→ **What this task involves**
Where a line in the records holds "Import", count it once; return only the final number.

→ **Stored entries**
• • • • • • •
(* Let $G$ be a graph that is both weakly $4$-choosable and $\{1,1,2\}$-choosable. If $L$ is an assignment of $G$ with $|L(v)|=4$ for all $v$ (colours being integers) and $\|L\|=3$, then $G$ has a proper colouring $f$ with $f(v)\in L(v)$ for all $v$.
   Context: $\|L\|=|\{L(x):x\in V(G)\}|$ is the number of distinct lists. A set $I$ of integers is symmetric if $i\in I$ implies $-i\in I$. $G$ is weakly $4$-choosable if it is $L$-colourable (has a proper colouring $f$ with $f(v)\in L(v)$) for every assignment $L$ in which each $L(v)$ is a symmetric set of $4$ integers. For a partition $\lambda=\{k_1,\dots,k_q\}$ of $k$, a $\lambda$-assignment of $G$ is an assignment $L$ with $|L(v)|=k$ for all $v$ such that $\bigcup_vL(v)$ can be partitioned into sets $C_1,\dots,C_q$ with $|L(v)\cap C_i|=k_i$ for all $v$ and $i$; $G$ is $\lambda$-choosable if it is $L$-colourable for every $\lambda$-assignment $L$. *)

From mathcomp Require Import all_boot all_order all_algebra.
Set Implicit Arguments. Unset Strict Implicit. Unset Printing Implicit Defensive.
Import Order.TTheory GRing.Theory Num.Theory.

Definition simple_graph (V : finType) (e : rel V) : Prop :=
  symmetric e /\ irreflexive e.

(* A list assignment: each vertex gets a finite list of integer colours,
   represented as a duplicate-free sequence (the set is its support). *)
Definition assignment (V : finType) := V -> seq int.

Definition is_k_assignment (V : finType) (k : nat) (L : assignment V) : Prop :=
  forall v, uniq (L v) /\ size (L v) = k.

Definition L_colourable (V : finType) (e : rel V) (L : assignment V) : Prop :=
  exists f : V -> int, (forall v, f v \in L v) /\ (forall u v, e u v -> f u != f v).

(* ||L|| = number of distinct lists (as sets); sorting a duplicate-free
   sequence gives a canonical representative of the set. *)
Definition num_lists (V : finType) (L : assignment V) : nat :=
  size (undup [seq sort <=%O (L v) | v <- enum V]).

Definition symmetric_set (s : seq int) : Prop :=
  forall i : int, i \in s -> (- i)%R \in s.

Definition weakly_4_choosable (V : finType) (e : rel V) : Prop :=
  forall L : assignment V,
    is_k_assignment 4 L -> (forall v, symmetric_set (L v)) -> L_colourable e L.

(* lambda-assignment for the partition lambda = (k_1,...,k_q) of k, given as
   a sequence of part sizes; the partition C_1..C_q of the union of the lists
   is encoded by a class function c (colours outside the union are irrelevant). *)
Definition lambda_assignment (V : finType) (lambda : seq nat) (L : assignment V) : Prop :=
  is_k_assignment (sumn lambda) L /\
  exists c : int -> nat,
    (forall v x, x \in L v -> c x < size lambda) /\
    forall v (i : nat), i < size lambda ->
      count (fun x => c x == i) (L v) = nth 0 lambda i.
• • • • • • •
→ **Worked solution**
2